Египетский голубь - Константин Леонтьев 4 стр.


- Нельзя согласиться ни с тем, что это комедия, ни с тем, что это величественно. Это именно очень просто, вот и все. Вот вы спросили у меня, чем мне нравится Восток; теперь я вам объясню это лучше. Восток живописен; Европа в самом дурном смысле проста. Посмотрите на все эти одежды, как штатские, так и военные, на эти цилиндры и кепи... Я не виню никого... За что же? Они все платят дань времени... "La simplicité"... Знаете эту скуку, "la simplicité"!.. Они вынуждены носить эти уродливые и смешные головные уборы, выдуманные во Франции. Они подчиняются тем убийственным (даже для развития у нас в России пластических искусств убийственным) вкусам, которые господствуют у нас со времен великого голландца Петра, исказивших образ и подобие Божие в русской земле...

- Вы не шутите! ваши выражения сильны, - перебила меня мадам Антониади.

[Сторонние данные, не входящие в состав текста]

Definition graph_map (ell0 W ell : V4 -> Prop) (A0 : V4 -> V4) : Prop :=
  (forall u : V4, ell0 u -> W (A0 u)) /\
  (forall (a b : R) (u w : V4), ell0 u -> ell0 w ->
      A0 (vadd (vscal a u) (vscal b w)) = vadd (vscal a (A0 u)) (vscal b (A0 w))) /\
  (forall x : V4, ell x <-> exists u : V4, ell0 u /\ x = vadd u (A0 u)).

(* B(x, lambda) is Hamiltonian (J B is symmetric), so omega(q(x), r(x)) is constant along
   any two solutions, hence 0 for solutions decaying at -oo: every E^u_-(x, lambda) is
   isotropic.  Write v = p(s_star) and A(s) v = a(s) w1 + b(s) w2 in a basis of W.  Pairing
   v + A(s) v, which lies in E^u_-(s, lambda), with p(s) and with a second decaying solution r
   gives a 2x2 linear system for (a(s), b(s)); choosing r(s_star) so that it is nondegenerate
   at s_star (possible by transversality), Cramer's rule shows that a and b are differentiable.
   Since omega(p(s), v + A(s) v) = 0,
     omega(v, A(s) v) = omega(v - p(s), v + A(s) v),
   whose derivative at s_star is -omega(B v, v) = p_2(s_star)^2 because v_1 = v_4 = 0. *)

From Pilot Require Import Defs.
From Stdlib Require Import Reals Lra Classical.
From Coquelicot Require Import Coquelicot.
Open Scope R_scope.

(* [Reals] exports [RiemannInt.c1], which would otherwise shadow the first coordinate. *)
Notation c1 := Defs.c1.

Definition is_derive_V4 (g : R -> V4) (x : R) (d : V4) : Prop :=
  is_derive (fun y => c1 (g y)) x (c1 d) /\ is_derive (fun y => c2 (g y)) x (c2 d) /\
  is_derive (fun y => c3 (g y)) x (c3 d) /\ is_derive (fun y => c4 (g y)) x (c4 d).

Lemma is_derive_eq (f : R -> R) (x l l' : R) : is_derive f x l -> l = l' -> is_derive f x l'.
Proof. now intros H <-. Qed.

Ltac derive_arith :=
  eapply is_derive_eq;
  [ repeat match goal with
    | |- is_derive (fun y => @?f y + @?g y) _ _ => apply (@is_derive_plus _ _ f g)
    | |- is_derive (fun y => @?f y - @?g y) _ _ => apply (@is_derive_minus _ _ f g)
    | |- is_derive (fun y => - @?f y) _ _ => apply (@is_derive_opp _ _ f)
    | |- is_derive (fun y => @?f y * @?g y) _ _ => apply (@is_derive_mult _ f g)
    | |- is_derive (fun y => @?f y / @?g y) _ _ => apply (is_derive_div f g)
    | |- is_derive (fun _ => ?c) _ _ => apply (@is_derive_const _ _ c)
    | |- forall _ _, _ => exact Rmult_comm
    | |- _ => eassumption
    end
  | unfold minus, plus, opp, mult, zero; simpl ].

Lemma is_derive_omega (u g : R -> V4) (x : R) (du dg : V4) :
  is_derive_V4 u x du -> is_derive_V4 g x dg ->
  is_derive (fun s => omega (u s) (g s)) x (omega du (g x) + omega (u x) dg).
Proof.
  intros (u1 & u2 & u3 & u4) (g1 & g2 & g3 & g4). unfold omega.
  derive_arith. ring.
Qed.

Lemma is_derive_V4_const (v : V4) (x : R) : is_derive_V4 (fun _ => v) x v0.
Proof. refine (conj _ (conj _ (conj _ _))); apply @is_derive_const. Qed.

Lemma is_derive_V4_lincomb (X Y : R -> R) (v w1 w2 : V4) (x dX dY : R) :
  is_derive X x dX -> is_derive Y x dY ->
  is_derive_V4 (fun s => vadd v (vadd (vscal (X s) w1) (vscal (Y s) w2))) x
    (vadd (vscal dX w1) (vscal dY w2)).
Proof.
  intros HX HY. refine (conj _ (conj _ (conj _ _))); simpl; derive_arith; ring.
Qed.

Lemma locally_neq0 (a : R) : a <> 0 -> locally a (fun y => y <> 0).
Proof.
  intros Ha. exists (mkposreal _ (Rabs_pos_lt a Ha)). intros y Hy ->.
  change (Rabs (0 - a) < Rabs a) in Hy. rewrite Rminus_0_l, Rabs_Ropp in Hy. lra.
Qed.

Lemma null_derivative_lim_eq0 (h : R -> R) (x : R) :
  (forall y, is_derive h y 0) -> is_lim h m_infty 0 -> h x = 0.
Proof.
  intros Hd Hlim.
  assert (Hconst : forall y, h y = h 0).
  { intro y. destruct (MVT_cor4 h (fun _ => 0) 0 (Rabs (y - 0))) with (b := y)
      as (c & Hc & _); [intros; apply Hd | lra | lra]. }
  assert (Hlim0 : is_lim (fun _ => h 0) m_infty 0)
    by (eapply is_lim_ext; [intro y; apply Hconst | exact Hlim]).
  apply is_lim_unique in Hlim0. rewrite Lim_const in Hlim0.
  rewrite Hconst. now injection Hlim0.
Qed.

Lemma is_lim_mult_m_infty_0 (f g : R -> R) :
  is_lim f m_infty 0 -> is_lim g m_infty 0 -> is_lim (fun y => f y * g y) m_infty 0.
Proof.
  intros Hf Hg. pose proof (is_lim_mult f g m_infty 0 0 Hf Hg I) as H.
  simpl in H. now rewrite Rmult_0_l in H.
Qed.

Lemma is_lim_omega_decaying (q r : R -> V4) :
  decays_left q -> decays_left r -> is_lim (fun y => omega (q y) (r y)) m_infty 0.
Proof.
  intros (q1 & q2 & q3 & q4) (r1 & r2 & r3 & r4). unfold omega.
  replace 0 with (0 + 0 - 0 - 0) by ring.
  repeat apply is_lim_minus'; try apply is_lim_plus'; now apply is_lim_mult_m_infty_0.
Qed.

Lemma omega_nondegenerate (z : V4) : (forall x, omega x z = 0) -> z = v0.
Proof.
  intros H. destruct z as [z1 z2 z3 z4].
  pose proof (H (mkV4 1 0 0 0)). pose proof (H (mkV4 0 1 0 0)).
  pose proof (H (mkV4 0 0 1 0)). pose proof (H (mkV4 0 0 0 1)).
  unfold omega in *; simpl in *. unfold v0. f_equal; lra.
Qed.

Lemma transverse_omega_eq0 (E W : V4 -> Prop) (z : V4) :
  transverse W E -> (forall u, E u -> omega u z = 0) -> (forall w, W w -> omega w z = 0) ->
  z = v0.
Proof.
  intros (_ & Hsum) HE HW. apply omega_nondegenerate. intro x.
  destruct (Hsum x) as (u & w & Eu & Ww & ->).
  replace (omega (vadd u w) z) with (omega u z + omega w z) by (unfold omega; simpl; ring).
  rewrite (HE u Eu), (HW w Ww). ring.
Qed.

Definition gram (u e w1 w2 : V4) : R := omega u w1 * omega e w2 - omega u w2 * omega e w1.

Lemma gram_nonzero_of_transverse (E W : V4 -> Prop) (w1 w2 v : V4) :
  (forall a b, vadd (vscal a w1) (vscal b w2) = v0 -> a = 0 /\ b = 0) ->
  (forall u, W u <-> exists a b, u = vadd (vscal a w1) (vscal b w2)) ->
  (forall u w, W u -> W w -> omega u w = 0) ->
  (forall u w, E u -> E w -> omega u w = 0) ->
  transverse W E -> E v -> v <> v0 ->
  exists e, E e /\ gram v e w1 w2 <> 0.
Proof.
  intros Hind Hspan HWiso HEiso Htr Ev Hv. apply NNPP. intro Hnone.
  set (z := vadd (vscal (- omega v w2) w1) (vscal (omega v w1) w2)).
  assert (Hz : z = v0).
  { apply (transverse_omega_eq0 E W z Htr).
    - intros e Ee. replace (omega e z) with (gram v e w1 w2)
        by (unfold gram, z, omega; simpl; ring).
      apply NNPP. intro Hne. apply Hnone. now exists e.
    - intros w Ww. apply HWiso; [exact Ww | apply Hspan; now exists (- omega v w2), (omega v w1)]. }
  destruct (Hind _ _ Hz) as (Hl2 & Hl1).
  apply Hv, (transverse_omega_eq0 E W v Htr).
  - intros u Eu. now apply HEiso.
  - intros w Ww. destruct (proj1 (Hspan w) Ww) as (a & b & ->).
    replace (omega (vadd (vscal a w1) (vscal b w2)) v)
      with (- (a * omega v w1 + b * omega v w2)) by (unfold omega; simpl; ring).
    replace (omega v w2) with 0 by lra. rewrite Hl1. ring.
Qed.

(* The solution, by Cramer's rule, of omega(u, x) = omega(e, x) = 0 for x in v + span(w1, w2). *)
Definition cramer_point (u e v w1 w2 : V4) : V4 :=
  vadd v (vadd (vscal (- gram u e v w2 / gram u e w1 w2) w1)
               (vscal (- gram u e w1 v / gram u e w1 w2) w2)).

Lemma cramer_point_unique (u e v w1 w2 : V4) (a b : R) :
  let x := vadd v (vadd (vscal a w1) (vscal b w2)) in
  omega u x = 0 -> omega e x = 0 -> gram u e w1 w2 <> 0 -> x = cramer_point u e v w1 w2.
Proof.
  intros x Hu He HD.
  assert (Ha : gram u e v w2 + a * gram u e w1 w2 = 0).
  { transitivity (omega u x * omega e w2 - omega u w2 * omega e x).
    - unfold gram, x, omega; simpl; ring.
    - rewrite Hu, He; ring. }
  assert (Hb : gram u e w1 v + b * gram u e w1 w2 = 0).
  { transitivity (omega u w1 * omega e x - omega u x * omega e w1).
    - unfold gram, x, omega; simpl; ring.
    - rewrite Hu, He; ring. }
  unfold cramer_point, x. do 3 f_equal; field_simplify_eq; auto; lra.
Qed.

Lemma cramer_point_self (v e w1 w2 : V4) :
  omega e v = 0 -> cramer_point v e v w1 w2 = v.
Proof.
  intros Hev. unfold cramer_point, gram.
  replace (omega v v) with 0 by (unfold omega; ring). rewrite Hev.
  destruct v; unfold vadd, vscal, Rdiv; simpl; f_equal; ring.
Qed.

Section DecayingSolutions.

Variables (nu mu : R) (phi : R -> R) (lam : R).

Lemma omega_Bapp_skew (x : R) (u w : V4) :
  omega (Bapp nu mu phi x lam u) w + omega u (Bapp nu mu phi x lam w) = 0.
Proof. unfold omega; simpl; ring. Qed.

Lemma is_derive_omega_sol (q r : R -> V4) (x : R) :
  is_sol nu mu phi lam q -> is_sol nu mu phi lam r ->
  is_derive (fun y => omega (q y) (r y)) x 0.
Proof.
  intros Hq Hr. rewrite <- (omega_Bapp_skew x (q x) (r x)).
  apply is_derive_omega; [apply Hq | apply Hr].
Qed.

Lemma is_derive_omega_sol_const (q : R -> V4) (w : V4) (x : R) :
  is_sol nu mu phi lam q ->
  is_derive (fun s => omega (q s) w) x (omega (Bapp nu mu phi x lam (q x)) w).
Proof.
  intros Hq. eapply is_derive_eq.
  - apply is_derive_omega; [apply Hq | apply is_derive_V4_const].
  - unfold omega; simpl; ring.
Qed.

Lemma omega_decaying_sol_eq0 (q r : R -> V4) (x : R) :
  is_sol nu mu phi lam q -> is_sol nu mu phi lam r ->
  decays_left q -> decays_left r -> omega (q x) (r x) = 0.
Proof.
  intros Hq Hr Dq Dr. apply (null_derivative_lim_eq0 (fun y => omega (q y) (r y))).
  - intro y. now apply is_derive_omega_sol.
  - now apply is_lim_omega_decaying.
Qed.

Lemma Eu_of_decaying_sol (q : R -> V4) (x : R) :
  is_sol nu mu phi lam q -> decays_left q -> Eu nu mu phi x lam (q x).
Proof. intros Hq Dq. now exists q. Qed.

Lemma Eu_isotropic (x : R) (u w : V4) :
  Eu nu mu phi x lam u -> Eu nu mu phi x lam w -> omega u w = 0.
Proof.
  intros (q & Hq & Dq & <-) (r & Hr & Dr & <-). now apply omega_decaying_sol_eq0.
Qed.

Lemma omega_Bapp_sand (x : R) (v : V4) :
  ell_sand v -> - omega (Bapp nu mu phi x lam v) v = c2 v ^ 2.
Proof. intros (H1 & H4). unfold omega; simpl. rewrite H1, H4. ring. Qed.

Lemma is_derive_omega_shift (p g : R -> V4) (x : R) (dg : V4) :
  is_sol nu mu phi lam p -> is_derive_V4 g x dg -> g x = p x ->
  is_derive (fun s => omega (p x) (g s) - omega (p s) (g s)) x
    (- omega (Bapp nu mu phi x lam (p x)) (p x)).
Proof.
  intros Hp Hg Hgx. eapply is_derive_eq.
  - apply @is_derive_minus; apply is_derive_omega; try exact Hg; [apply is_derive_V4_const | apply Hp].
  - rewrite Hgx. unfold minus, plus, opp; simpl. unfold omega; simpl; ring.
Qed.

Lemma ex_derive_gram_sol (p r : R -> V4) (w w' : V4) (x : R) :
  is_sol nu mu phi lam p -> is_sol nu mu phi lam r ->
  ex_derive (fun s => gram (p s) (r s) w w') x.
Proof.
  intros Hp Hr. eexists. unfold gram.
  pose proof (is_derive_omega_sol_const p w x Hp).
  pose proof (is_derive_omega_sol_const p w' x Hp).
  pose proof (is_derive_omega_sol_const r w x Hr).
  pose proof (is_derive_omega_sol_const r w' x Hr).
  derive_arith. reflexivity.
Qed.

Lemma locally_gram_sol_neq0 (p r : R -> V4) (w1 w2 : V4) (x : R) :
  is_sol nu mu phi lam p -> is_sol nu mu phi lam r -> gram (p x) (r x) w1 w2 <> 0 ->
  locally x (fun s => gram (p s) (r s) w1 w2 <> 0).
Proof.
  intros Hp Hr HD.
  exact (@ex_derive_continuous R_AbsRing R_NormedModule _ _ (ex_derive_gram_sol p r w1 w2 x Hp Hr)
           _ (locally_neq0 _ HD)).
Qed.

Но я не хотел уже останавливаться.

- Я не только не шучу, я не нахожу слов от обилия мыслей, доказательств и примеров... Я затрудняюсь в выборе... Я понимаю величие вот как: когда Бёкингам представлялся Лудовику XIII и жемчуг нарочно был пришит слегка, но во множестве к его бархатной мантии... и при каждом шаге и поклоне его сыпался на пол, и французские дворяне подбирали его... Или когда польское посольство, не помню при каком султане, въезжало в Константинополь на лошадях, которые все были так слабо подкованы серебром, что эти подковы спадали с копыт... Это величие!..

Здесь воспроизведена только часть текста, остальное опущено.